Обхватив руками колено и подогнув другое, Флортье лежала на широкой кровати и смотрела на Киан Джая.

Он сидел рядом с ней в позе портного; перед ним стоял широкий столик, уставленный множеством пестрых и золоченых мисочек. Держа в ладони одну мисочку, он жадно ел палочками рис с овощами и мясом, которые казались при свете свечей темно-коричневыми, почти черными; он некрасиво чавкал, а на губах блестел жир.

Как и она, он накинул на себя халат, но не стал его завязывать. Ее взгляд направился на его безволосую грудь и живот, собравшийся поперечными складками, а потом и на его член. Сейчас он вместе с двумя шариками лежал на красном шелке и казался безобидным, маленьким и мягким; головка, спрятанная в крайней плоти, еще влажно блестела; такая же влага сочилась у нее между ног и намочила шелковую простыню.

Ее руки еще болели после отчаянных попыток не потерять равновесия на мягком матрасе, когда он, обхватив ее бедра, спаривался с ней, словно с сучкой.
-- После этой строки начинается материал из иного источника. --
(* Induct on [x] along [RN_ind] for all rescalings [c x] at once: the last coordinate of
   [c x] is a multiple [a] of a point [± e_k / w k] of [C], the rest is [(1 - a) C]. *)
Lemma convex_contains_wball (C : RN -> Prop) (w : nat -> R) :
  convex_RN C -> C RN_zero -> (forall k, 0 < w k) ->
  (forall k, on_axis C k (/ w k)) -> forall z, wnorm w z < 1 -> C z.
Proof.
  intros Cconv C0 Hw Haxis.
  assert (Hw' : forall k, 0 <= w k) by (intros k; apply Rlt_le, Hw).
  assert (Gen : forall x c, wnorm w (RN_scal c x) < 1 -> C (RN_scal c x)).
  { apply (RN_ind (fun x => forall c, wnorm w (RN_scal c x) < 1 -> C (RN_scal c x))).
    { intros c _; replace (RN_scal c RN_zero) with RN_zero by RN_eq; exact C0. }
    intros x k t Hx IH c Hc.
    set (a := w k * Rabs (c * t)).
    assert (Ha : 0 <= a) by (apply Rmult_le_pos; [apply Hw' | apply Rabs_pos]).
    assert (Split : RN_scal c (RN_add x (RN_scal t (RN_unit k)))
                    = RN_add (RN_scal c x) (RN_scal (c * t) (RN_unit k))) by RN_eq.
    assert (Hsum : Rabs c * wnorm w x + a < 1).
    { rewrite Split, wnorm_disjoint, wnorm_scal, wnorm_scal, wnorm_unit in Hc.
      - unfold a; lra.
      - intros n; simpl; destruct (Nat.eqb_spec n k) as [->|]; [left; rewrite Hx by lia|right]; ring. }
    pose proof (Rmult_le_pos _ _ (Rabs_pos c) (wnorm_nonneg w x Hw')) as Hcx.
    assert (Cy : C (RN_scal (sgn (c * t) * / w k) (RN_unit k))).
    { destruct (Haxis k) as [Cp Cn]; unfold sgn; destruct (Rle_dec 0 (c * t)).
      - rewrite Rmult_1_l; exact Cp.
      - replace (-1 * / w k) with (- / w k) by ring; exact Cn. }
    assert (Cx : C (RN_scal (c / (1 - a)) x)).
    { apply IH; unfold Rdiv; rewrite wnorm_scal, Rabs_mult, Rabs_inv, (Rabs_right (1 - a)) by lra.
      apply (Rmult_lt_reg_r (1 - a)); [lra|].
      replace (Rabs c * / (1 - a) * wnorm w x * (1 - a)) with (Rabs c * wnorm w x) by (field; lra).
      lra. }
    assert (Hwk : w k <> 0) by apply Rgt_not_eq, Hw.
    assert (Ha1 : 1 - a <> 0) by lra.
    replace (RN_scal c (RN_add x (RN_scal t (RN_unit k))))
      with (RN_add (RN_scal (1 - a) (RN_scal (c / (1 - a)) x))
                   (RN_scal (1 - (1 - a)) (RN_scal (sgn (c * t) * / w k) (RN_unit k)))).
    - apply Cconv; auto; lra.
    - apply RN_ext; intros n; simpl; destruct (Nat.eqb_spec n k) as [->|].
      + rewrite Hx by lia.
        transitivity (a * (sgn (c * t) * / w k)); [field; tauto|].
        replace (a * (sgn (c * t) * / w k)) with (Rabs (c * t) * sgn (c * t))
          by (unfold a; field; exact Hwk).
        rewrite Rabs_mul_sgn; ring.
      + field; tauto. }
  intros z Hz; replace z with (RN_scal 1 z) by RN_eq; apply Gen; rewrite wnorm_scal, Rabs_R1; lra.
Qed.

Fixpoint last_true (P : nat -> bool) (j : nat) : nat :=
  match j with O => O | S j' => if P (S j') then S j' else last_true P j' end.

Lemma last_true_spec P j : last_true P j = O \/ P (last_true P j) = true.
Proof.
  induction j as [|j IH]; simpl; auto.
  destruct (P (S j)) eqn:E; auto.
Qed.

Lemma last_true_ge P j M : (1 <= M)%nat -> (M <= j)%nat -> P M = true -> (M <= last_true P j)%nat.
Proof.
  induction j as [|j IH]; simpl; intros H1 Hj HP; [lia|].
  destruct (P (S j)) eqn:E; [lia|].
  destruct (Nat.eq_dec M (S j)) as [->|]; [congruence | apply IH; auto; lia].
Qed.

(* A diagonal argument: [lam k] is the largest integer [M <= k] already admissible at
   index [k] (or the fallback [d k]), so it tends to infinity. *)
Lemma diagonal_weights (Q : nat -> R -> Prop) :
  (forall k, exists d, 0 < d /\ Q k d) ->
  (forall M : nat, exists N, forall n, (N <= n)%nat -> Q n (INR M)) ->
  exists lam, (forall k, 0 < lam k /\ Q k (lam k)) /\ Un_cv (fun k => / lam k) 0.
Proof.
  intros Hd HM.
  destruct (choice _ Hd) as [d Hd'], (choice _ HM) as [Nf HNf].
  set (m := fun k => last_true (fun M => Nat.leb (Nf M) k) k).
  exists (fun k => if Nat.eqb (m k) 0 then d k else INR (m k)); split.
  - intros k; destruct (Nat.eqb_spec (m k) 0) as [|Hm]; [apply Hd'|].
    destruct (last_true_spec (fun M => Nat.leb (Nf M) k) k) as [E|E]; [contradiction|].
    apply Nat.leb_le in E; split; [apply lt_0_INR; lia | apply HNf, E].
  - intros e He; destruct (INR_unbounded (/ e)) as [M HMe].
    exists (Nat.max (Nf (S M)) (S M)); intros n Hn.
    assert (Hb : (S M <= m n)%nat) by (apply last_true_ge; [lia | lia | apply Nat.leb_le; lia]).
    destruct (Nat.eqb_spec (m n) 0) as [|_]; [lia|].
    pose proof (le_INR _ _ Hb) as Hl; rewrite S_INR in Hl.
    pose proof (Rinv_0_lt_compat _ He); pose proof (pos_INR M).
    unfold Rdist; rewrite Rminus_0_r, Rabs_right by (apply Rle_ge, Rlt_le, Rinv_0_lt_compat; lra).
    replace e with (/ / e) by (field; lra).
    apply Rinv_lt_contravar; [apply Rmult_lt_0_compat|]; lra.
Qed.

Section LocallyConvex.
Variable tau : (RN -> Prop) -> Prop.
Hypothesis Htau : is_lc_vector_topology_en0 tau.

Lemma scal_continuous_at_zero t x O : tau O -> O (RN_scal t x) ->
  exists U, tau U /\ U x /\ forall x', U x' -> O (RN_scal t x').
Proof.
  intros HO Otx; destruct Htau as [_ [_ [Hsc _]]].
  destruct (Hsc t x O HO Otx) as [d [U [Hd [HU [Ux HUO]]]]].
  exists U; repeat split; auto; intros x' Ux'; apply HUO; auto.
  unfold Rminus; rewrite Rplus_opp_r, Rabs_R0; exact Hd.
Qed.

Lemma lc_axis_small (C : RN -> Prop) : nbhd tau RN_zero C ->
  forall k, exists d, 0 < d /\ on_axis C k d.
Proof.
  intros [O [HO [O0 OC]]] k; destruct Htau as [_ [_ [Hsc _]]].
  destruct (Hsc 0 (RN_unit k) O HO) as [d [U [Hd [HU [Uk HU']]]]].
  { replace (RN_scal 0 (RN_unit k)) with RN_zero by RN_eq; exact O0. }
  exists (d / 2); split; [lra|]; split; apply OC, HU'; auto; rewrite Rminus_0_r;
    [rewrite Rabs_right | rewrite Rabs_left]; lra.
Qed.

Lemma lc_axis_large (C : RN -> Prop) : nbhd tau RN_zero C ->
  forall M, exists N, forall n, (N <= n)%nat -> on_axis C n M.
Proof.
  intros [O [HO [O0 OC]]] M; destruct Htau as [Htop [_ [_ [_ Hen]]]].
  assert (Z : forall t, O (RN_scal t RN_zero))
    by (intros t; replace (RN_scal t RN_zero) with RN_zero by RN_eq; exact O0).
  destruct (scal_continuous_at_zero M RN_zero O HO (Z M)) as [U1 [HU1 [U10 P1]]].
  destruct (scal_continuous_at_zero (- M) RN_zero O HO (Z (- M))) as [U2 [HU2 [U20 P2]]].
  destruct (Hen (fun x => U1 x /\ U2 x)) as [N HN].
  { exists (fun x => U1 x /\ U2 x); split; [apply Htop; auto | split; auto]. }
  exists N; intros n Hn; destruct (HN n Hn); split; apply OC; [apply P1 | apply P2]; auto.
Qed.

Lemma lc_weights V : tau V -> V RN_zero ->
  exists w, null_weights w /\ forall z, wnorm w z < 1 -> V z.
Proof.
  intros HV V0; destruct Htau as [_ [_ [_ [Hlc _]]]].
  destruct (Hlc V) as [C [HC [Cconv CV]]]; [exists V; auto|].
  destruct (diagonal_weights (on_axis C) (lc_axis_small C HC) (fun M => lc_axis_large C HC (INR M)))
    as [lam [Hlam Hlam0]].
  exists (fun k => / lam k); split; [split; auto|].
  - intros k; apply Rlt_le, Rinv_0_lt_compat, Hlam.
  - intros z Hz; apply CV; apply (convex_contains_wball C (fun k => / lam k)); auto.
    + destruct HC as [O [_ [O0 OC]]]; apply OC, O0.
    + intros k; apply Rinv_0_lt_compat, Hlam.
    + intros k; rewrite Rinv_inv; apply Hlam.
Qed.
Приуныв, она чувствовала, как он впивался пальцами в ее бедра и шлепал ладонью по заду, как вздрагивали ее груди. Но он хотя бы не делал ей слишком больно.

Он вообще редко делал ей больно, с тех пор, как она стала прилагать все силы, чтобы понравиться ему; теперь она угадывала его желания еще до того, как он что-либо приказывал ей или протягивал к ней руку. Когда она сидела в его кабинете в красивых одеждах, которые он ей дарил, в кресле, ему достаточно было только захлопнуть одну из своих конторских книг, и она уже вскакивала, грациозно бежала к его письменному столу, сбрасывала туфельку, терла ножкой его пах. Тогда он вставал и задирал ее юбки, под которыми у нее ничего не было, потому что ему так нравилось. Или она вскакивала верхом на его бедра, расстегивала на нем рубашку и жилетку, ласкала пальцами и губами грудь и живот, соскальзывала на пол, расстегивала брюки и приникала лицом к его паху. Похотливо урча, он извергал семя в ее рот и, довольный, гладил ее по голове. И когда он звал ее, как в этот вечер, в Красную комнату, она, не дожидаясь его приказаний, сама целовала его и ласкала языком там, где ему нравилось.
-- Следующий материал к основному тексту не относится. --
Lemma binfact_minors_mul_ge0 (n m1 m2 : int) :
  0 <= (binfact (n - m1) * binfact (n + 1 - m2) - binfact (n - m2) * binfact (n + 1 - m1))
       * (binfact m1 * binfact (m2 - 1) - binfact m2 * binfact (m1 - 1)).
Proof.
wlog h : m1 m2 / m1 <= m2.
  move=> W; case: (lerP m1 m2) => h; first exact: W.
  by rewrite -mulrNN !opprB W // ltW.
apply: mulr_ge0; rewrite subr_ge0.
  have := @binfact_TP2 (n - m2) (n - m1) ltac:(lia).
  by rewrite -!addrA ![_ + 1]addrC !addrA mulrC [X in _ <= X]mulrC.
by have := @binfact_TP2 (m1 - 1) (m2 - 1) ltac:(lia); rewrite !subrK mulrC.
Qed.

Lemma binfact_conv_logconcave k :
  binfact_conv k * binfact_conv k.+2 <= binfact_conv k.+1 ^+ 2.
Proof.
set n := k.+1.
pose x m := binfact (n%:Z - m%:Z); pose y m := binfact m%:Z.
pose u m := binfact (n%:Z + 1 - m%:Z); pose w m := binfact (m%:Z - 1).
have := cauchy_binet2 n.+2 x y u w.
have -> : \sum_(m < n.+2) x m * y m = binfact_conv n.
  by rewrite (@binfact_conv_widen n n.+2) //; apply: eq_bigr => i _; rewrite mulrC.
have -> : \sum_(m < n.+2) u m * w m = binfact_conv n.
  rewrite big_ord_recl {1}/w binfact_eq0 // mulr0 add0r.
  apply: eq_bigr => i _; rewrite lift0 mulrC /u /w; congr (_ * _); congr binfact; lia.
have -> : \sum_(m < n.+2) x m * w m = binfact_conv k.
  rewrite big_ord_recl {1}/w binfact_eq0 // mulr0 add0r (@binfact_conv_widen k n.+1) //.
  apply: eq_bigr => i _; rewrite lift0 mulrC /x /w; congr (_ * _); congr binfact; lia.
have -> : \sum_(m < n.+2) u m * y m = binfact_conv n.+1.
  by apply: eq_bigr => i _; rewrite /u /y mulrC; congr (_ * _); congr binfact; lia.
have : 0 <= \sum_(i < n.+2) \sum_(j < n.+2) (x i * u j - x j * u i) * (y i * w j - y j * w i).
  by do 2!apply: sumr_ge0 => ? _; exact: binfact_minors_mul_ge0.
by move=> + E; rewrite -E expr2; lra.
Qed.

Lemma binfact_conv_rec M :
  (M%:R + 2) ^+ 3 * binfact_conv M.+2
  = (2 * s%:R * (2 * M%:R + 3) - (M%:R + 1) * (3 * M%:R + 4)) * binfact_conv M.+1
    + 2 * (2 * s%:R - M%:R) * binfact_conv M.
Proof.
rewrite (@binfact_conv_widen M.+2 M.+3) // (@binfact_conv_widen M.+1 M.+3) //.
rewrite (@binfact_conv_widen M M.+3); last by rewrite ltnS leqW.
(* a Zeilberger certificate: the summands of the recurrence are the differences of G *)
pose G i := -2 * i%:R ^+ 2 * binfact i%:Z * binfact (M.+1%:Z - i%:Z)
   + i%:R ^+ 2 * (2 * i%:R - 3 * M%:R - 6) * binfact i%:Z * binfact (M.+2%:Z - i%:Z) : R.
have telescope : \sum_(i < M.+3) (G i.+1 - G i) = 0.
  rewrite -(big_mkord xpredT (fun i => G i.+1 - G i)) telescope_sumr // /G.
  by rewrite !(@binfact_eq0 (_ - M.+3%:Z)) ?mulr0n; [ring | lia | lia].
rewrite !mulr_sumr -big_split; apply/eqP; rewrite -subr_eq0 -sumrB; apply/eqP.
rewrite -[RHS]telescope; apply: eq_bigr => i _.
have r1 : (i%:R + 1) ^+ 2 * binfact i.+1%:Z = (s%:R - i%:R) * binfact i%:Z.
  have -> : i.+1%:Z = i%:Z + 1 by lia.
  by have := binfact_rec i%:Z; rewrite intrD.
have r2 : (M%:R - i%:R + 1) ^+ 2 * binfact (M.+1%:Z - i%:Z)
          = (s%:R - (M%:R - i%:R)) * binfact (M%:Z - i%:Z).
  have := binfact_rec (M%:Z - i%:Z); rewrite intrD intrB.
  by have -> : M%:Z - i%:Z + 1 = M.+1%:Z - i%:Z by lia.
have r3 : (M%:R - i%:R + 2) ^+ 2 * binfact (M.+2%:Z - i%:Z)
          = (s%:R - (M%:R - i%:R + 1)) * binfact (M.+1%:Z - i%:Z).
  have := binfact_rec (M.+1%:Z - i%:Z).
  have -> : M.+1%:Z - i%:Z + 1 = M.+2%:Z - i%:Z by lia.
  by move=> h; apply: etrans (etrans _ h) _; [congr (_ ^+ 2 * _) | congr (_ * _)]; ring.
have := recurrence_certificate r1 r2 r3.
rewrite /G -[i.+1%:R]natr1.
have -> : M.+1%:Z - i.+1%:Z = M%:Z - i%:Z by lia.
by have -> : M.+2%:Z - i.+1%:Z = M.+1%:Z - i%:Z by lia.
Qed.

Lemma fs_binfact_conv (t N : nat) :
  (fs s t (Posz N))%:R = (t ^_ N)%:R * binfact_conv N :> R.
Proof.
rewrite /fs natrM -bin_ffact natrM -mulrA; congr (_ * _); rewrite natr_sum mulr_sumr.
apply: eq_bigr => i _; have hi : (i <= N)%N by rewrite -ltnS.
have := congr1 (fun n => n%:R : R) (bin_fact hi); rewrite !natrM => hf.
have fi : i`!%:R != 0 :> R by rewrite pnatr_eq0 -lt0n fact_gt0.
have fNi : (N - i)`!%:R != 0 :> R by rewrite pnatr_eq0 -lt0n fact_gt0.
by rewrite -hf subzn // /binfact /=; field; rewrite fi fNi.
Qed.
Киан Джай сделал из нее квалифицированную жрицу любви и платил за это дорогими подарками, растягиванием губ, означавшим у него улыбку, а иногда даже ласковым словом. А также бурными поцелуями, когда его губы и язык вызывали блаженный отзвук в ее животе, опьяняли рассудок и на очень краткие, блаженные мгновения заставляли забыть, кем она для него была. И прикосновением его рук, почти нежных, ласкавших ее кожу, как ласкал шелк; после них ей хотелось продолжения, хотелось большего. А иногда, когда он обращался с ее телом, как с драгоценностью или с особенным деликатесом, она даже наслаждалась, когда он осторожно входил в нее и нежно любил. И потом долго ненавидела себя за это.

– Вот. – Он поднес к ее губам кусочек мяса, вероятно, особенное лакомство, но она покачала головой.

Флортье не нравилась здешняя еда, она была для нее слишком чужая. Да и выглядела странно, даже неаппетитно; иногда и запах был неприятный, и вкус странный. Она казалась ей слишком сладкой, с избытком пряностей, не подходивших друг к другу или добавленных не в тех пропорциях и раздражавших нёбо. У нее и так не было аппетита, сидела ли она в столовой одна или с Киан Джаем за длинным столом перед всеми мисочками и горшочками с пестрым китайским декором. Чаще всего она держала при себе вазу с фруктами или сладостями и ела их, глядя на цветущий сад под окном.

Но он всегда заставлял ее съесть кусочек.

И теперь она послушно открыла рот и потом долго жевала резиновое мясо, пока ей не удалось его проглотить.

– Я совсем ничего не знаю о тебе, – прошептала она через некоторое время.

Он опустил палочки и удивленно взглянул на нее, облизал губы и вытер их ладонью.

– И не пытайся узнать. Тогда ты не найдешь у меня слабых мест, по которым потом сможешь нанести удар, чтобы отомстить или сбежать. Я ведь сказал, что найду тебя где угодно.

Флортье покраснела, опустила голову и прижалась ртом и носом к колену, чтобы скрыть свое смущение. Он просто видел ее насквозь.

Наполняя новыми кушаньями свою мисочку, он наклонился вперед и мельком взглянул на нее.

– Что ты хочешь узнать обо мне?

Флортье закусила нижнюю губу и посмотрела в сад, где иногда гуляла с его разрешения, любуясь на орхидеи, лилии и огненные канны. В такие часы она даже забывала, почему она здесь. Но потом случайно смотрела на дом и видела Киан Джая, стоявшего у окна своего кабинета. Он смотрел на нее, а сам вполуха слушал кого-то невидимого ей и отвечал ему, слегка повернув голову. Возможно, это был слуга Цзянь, тот самый, который, по приказу хозяина, заговорил с ней тогда возле «Европы», или посетитель, которого ей не полагалось видеть, из-за чего ее и отправили гулять в сад. Иногда ее отрывали от грез голоса и детский смех, доносившиеся из-за стены.

– Что находится за стеной сада?

Его губы растянулись, пока он перемешивал палочками рис, овощи и густой соус.

– Моя другая жизнь. Мои жены и дети.

Флортье вскинула голову.

– Ты женат?

Киан Джай хохотнул, коротко и сухо, почти хмыкнул.

– Разумеется. Даже дважды. У меня две жены и три наложницы, и от них у меня восемь детей, пять сыновей и три дочери. Возможно, на будущий год я женюсь еще раз. Мне предложили в Китае хорошую невесту. – Он с усмешкой посмотрел на нее. – Я – счастливый мужчина.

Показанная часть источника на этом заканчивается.